God gives Abram another insight into this sense of "blessing" a few chapters later. Abram is ordered to look to the heavens and count the stars. He is then laconically told that "So shall your offspring be" (Gen. 15:5). On the face of it, this is a promise of fertility; Jews will abound in the world. But it is possible, I think, to read this verse as suggesting something much deeper.

A well-known Hasidic master tells us that the Bible's repeated comparison of the Jewish people to the stars in heaven is meant to teach us a core truth about our capabilities and responsibilities as Jews in the world: Like stars, we are obligated to bring a little bit of light to the dark places of the world. Wherever there is suffering, sadness, and heartbreak, there we are sent by God to bring love and amelioration. Again, we are called to see beyond ourselves. Perhaps that is why Abram is told to look to the heavens: He has learn to see beyond his own immediate concerns, to feel the needs of others as deeply as his own.

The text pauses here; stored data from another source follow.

(* For all integers $n\ge 2$ and $k\ge 0$, $$e(n,k)=e(n-2,k)+\binom{n-2}{k-1}+o(n-2,k-2),\qquad o(n,k)=o(n-2,k)+\binom{n-2}{k-1}+e(n-2,k-2),$$ where $e(m,k)=o(m,k)=0$ for $k<0$ and $\binom{m}{k}=0$ for $k<0$ or $k>m$.
   Context: For $S\subseteq\{1,\dots,n\}$ let $\sigma(S)$ be the sum of its elements; $S$ is called even if $\sigma(S)$ is even and odd otherwise (the empty set is even). A $k$-set is a subset with $k$ elements. $e(n,k)$ denotes the number of even $k$-subsets of $\{1,2,\dots,n\}$ and $o(n,k)$ the number of odd $k$-subsets of $\{1,2,\dots,n\}$ (both are $0$ if $k>n$). *)

From mathcomp Require Import all_boot all_order all_algebra.
Set Implicit Arguments. Unset Strict Implicit. Unset Printing Implicit Defensive.

(* Subsets of {1,...,n} are represented as S : {set 'I_n}, where the ordinal
   i : 'I_n stands for the integer i+1. *)
Definition sigma (n : nat) (S : {set 'I_n}) : nat := \sum_(i in S) (i.+1).

Definition e (n k : nat) : nat :=
  #|[set S : {set 'I_n} | (#|S| == k) && ~~ odd (sigma S)]|.
Definition o (n k : nat) : nat :=
  #|[set S : {set 'I_n} | (#|S| == k) && odd (sigma S)]|.

Definition ez (n : nat) (k : int) : nat :=
  match k with Posz k => e n k | Negz _ => 0 end.
Definition oz (n : nat) (k : int) : nat :=
  match k with Posz k => o n k | Negz _ => 0 end.
Definition binz (n : nat) (k : int) : nat :=
  match k with Posz k => 'C(n, k) | Negz _ => 0 end.

(* Split the k-subsets of {1..n+2} according to which of the two largest
   elements n+1, n+2 they contain.  With neither, the parity is that of a
   k-subset of {1..n}; with both, the sum grows by the odd number 2n+3, so the
   parity flips on a (k-2)-subset of {1..n}; with exactly one, the elements
   n+1 and n+2 have opposite parities, so each (k-1)-subset of {1..n} yields
   exactly one even and one odd k-subset, contributing 'C(n, k-1) to both. *)

From mathcomp Require Import all_boot all_order all_algebra.
From mathcomp Require Import zify.
Set Implicit Arguments. Unset Strict Implicit. Unset Printing Implicit Defensive.

Definition ksets_par (n k : nat) (p : bool) : nat :=
  \sum_(S : {set 'I_n}) ((#|S| == k) && (odd (sigma S) == p)).

Lemma card_ksets_par (n k : nat) (p : bool) :
  #|[set S : {set 'I_n} | (#|S| == k) && (odd (sigma S) == p)]| = ksets_par n k p.
Proof.
rewrite -sum1_card /ksets_par big_mkcond /=.
by apply: eq_bigr => S _; rewrite inE; case: ifP.
Qed.

Lemma e_ksets_par (n k : nat) : e n k = ksets_par n k false.
Proof. by rewrite -card_ksets_par; apply: eq_card => S; rewrite !inE; case: odd. Qed.

Lemma o_ksets_par (n k : nat) : o n k = ksets_par n k true.
Proof. by rewrite -card_ksets_par; apply: eq_card => S; rewrite !inE; case: odd. Qed.

Lemma ksets_par_bin (n k : nat) (p : bool) :
  ksets_par n k p + ksets_par n k (~~ p) = 'C(n, k).
Proof.
rewrite /ksets_par -big_split -[n in 'C(n, _)]card_ord -card_draws -sum1_card.
rewrite [RHS]big_mkcond; apply: eq_bigr => S _ /=.
by rewrite inE; case: (_ == k); case: odd; case: p.
Qed.

Section ExtendByMax.

Variable n : nat.

Definition extend (b : bool) (T : {set 'I_n}) : {set 'I_n.+1} :=
  if b then ord_max |: (lift ord_max @: T) else lift ord_max @: T.

Lemma max_notin_lift (T : {set 'I_n}) : ord_max \notin lift ord_max @: T.
Proof. by apply/imsetP => -[j _ /eqP]; rewrite (negbTE (neq_lift _ _)). Qed.

Lemma mem_max_extend b T : (ord_max \in extend b T) = b.
Proof.
by case: b; rewrite /extend ?setU11 //; apply/negbTE/max_notin_lift.
Qed.

Lemma mem_lift_extend b T j : (lift ord_max j \in extend b T) = (j \in T).
Proof.
have mem_lift := mem_imset (mem T) j (@lift_inj _ ord_max).
by case: b; rewrite /extend ?in_setU1 mem_lift // eq_sym (negbTE (neq_lift _ _)).
Qed.

Lemma extend_bij : bijective (fun bT : bool * {set 'I_n} => extend bT.1 bT.2).
Proof.
exists (fun S : {set 'I_n.+1} => (ord_max \in S, @lift n.+1 ord_max @^-1: S)).
  case=> b T /=; rewrite mem_max_extend; congr pair.
  by apply/setP => j; rewrite inE mem_lift_extend.
move=> S /=; apply/setP => i; case: (unliftP ord_max i) => [j ->|->].
  by rewrite mem_lift_extend inE.
by rewrite mem_max_extend.
Qed.

Lemma card_extend b T : #|extend b T| = b + #|T|.
Proof.
rewrite /extend; case: b; rewrite ?cardsU1 ?max_notin_lift card_imset //;
  exact: lift_inj.
Qed.

Lemma sigma_extend b T : sigma (extend b T) = b * n.+1 + sigma T.
Proof.
have sigma_lift : sigma (lift ord_max @: T) = sigma T.
  rewrite /sigma big_imset /=; last by move=> x y _ _; apply: lift_inj.
  by apply: eq_bigr => i _; rewrite /= /bump leqNgt ltn_ord.
case: b; rewrite /extend ?mul0n ?mul1n -sigma_lift //.
by rewrite /sigma big_setU1 ?max_notin_lift.
Qed.

End ExtendByMax.

Lemma ksets_par_extend (n k : nat) (p : bool) :
  ksets_par n.+1 k p = \sum_(b : bool) \sum_(T : {set 'I_n})
    ((b + #|T| == k) && (odd (b * n.+1 + sigma T) == p)).
Proof.
rewrite /ksets_par (reindex _ (onW_bij _ (extend_bij n))) pair_bigA /=.
by apply: eq_bigr => -[b T] _; rewrite card_extend sigma_extend.
Qed.

Lemma ksets_par_S0 (n : nat) (p : bool) : ksets_par n.+1 0 p = ksets_par n 0 p.
Proof. by rewrite ksets_par_extend big_bool /= big1 // => T _; rewrite add1n. Qed.

Lemma ksets_par_SS (n k : nat) (p : bool) :
  ksets_par n.+1 k.+1 p = ksets_par n k.+1 p + ksets_par n k (p (+) odd n.+1).
Proof.
rewrite ksets_par_extend big_bool addnC; congr (_ + _).
apply: eq_bigr => T _; rewrite add1n eqSS mul1n oddD /=.
by case: (odd n); case: odd; case: p.
Qed.

Lemma ksets_par_S2S2 (n k : nat) (p : bool) :
  ksets_par n.+2 k.+2 p = ksets_par n k.+2 p + 'C(n, k.+1) + ksets_par n k (~~ p).
Proof.
rewrite !ksets_par_SS /= -(ksets_par_bin n k.+1 (p (+) ~~ odd n)).
by case: p; case: (odd n) => /=; lia.
Qed.

Lemma ksets_par_S2_1 (n : nat) (p : bool) :
  ksets_par n.+2 1 p = ksets_par n 1 p + 1.
Proof.
rewrite !ksets_par_SS !ksets_par_S0 /= -(bin0 n) -(ksets_par_bin n 0 (p (+) ~~ odd n)).
by case: p; case: (odd n) => /=; lia.
Qed.

Theorem lemma1p1 (n k : nat) : 2 <= n ->
  ez n k = (ez (n - 2) k + binz (n - 2) (k%:Z - 1) + oz (n - 2) (k%:Z - 2))%N /\
  oz n k = (oz (n - 2) k + binz (n - 2) (k%:Z - 1) + ez (n - 2) (k%:Z - 2))%N.
Proof.
case: n => [|[|m]] // _; rewrite subn2 /=.
case: k => [|[|k]].
- by rewrite /= !e_ksets_par !o_ksets_par !ksets_par_S0 !addn0.
- by rewrite /= !e_ksets_par !o_ksets_par !ksets_par_S2_1 subnn bin0 !addn0.
have -> : (k.+2%:Z - 1 = k.+1)%R by lia.
have -> : (k.+2%:Z - 2 = k)%R by lia.
by rewrite /= !e_ksets_par !o_ksets_par !ksets_par_S2S2.
Qed.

This, then, is the way covenant is born: We are told to leave what is safe and comfortable in search of a better place and a more authentic self, a self that is blessing at its very core. In order to achieve this, we have to know that God wants us to become godly in a very distinctive way--namely, to love and value the other as deeply as we love and value ourselves. The road to the Promised Land is often dark and painful, filled with human suffering and degradation. It is those very places to which God dispatches us, to bring blessing, and thus to become blessing. It is in the moments of truly surpassing ourselves that the covenant becomes genuinely embodied in our lives. And so we go, for God and for ourselves, toward the blessing that is the Promised Land, and toward the Promised Land that is blessing.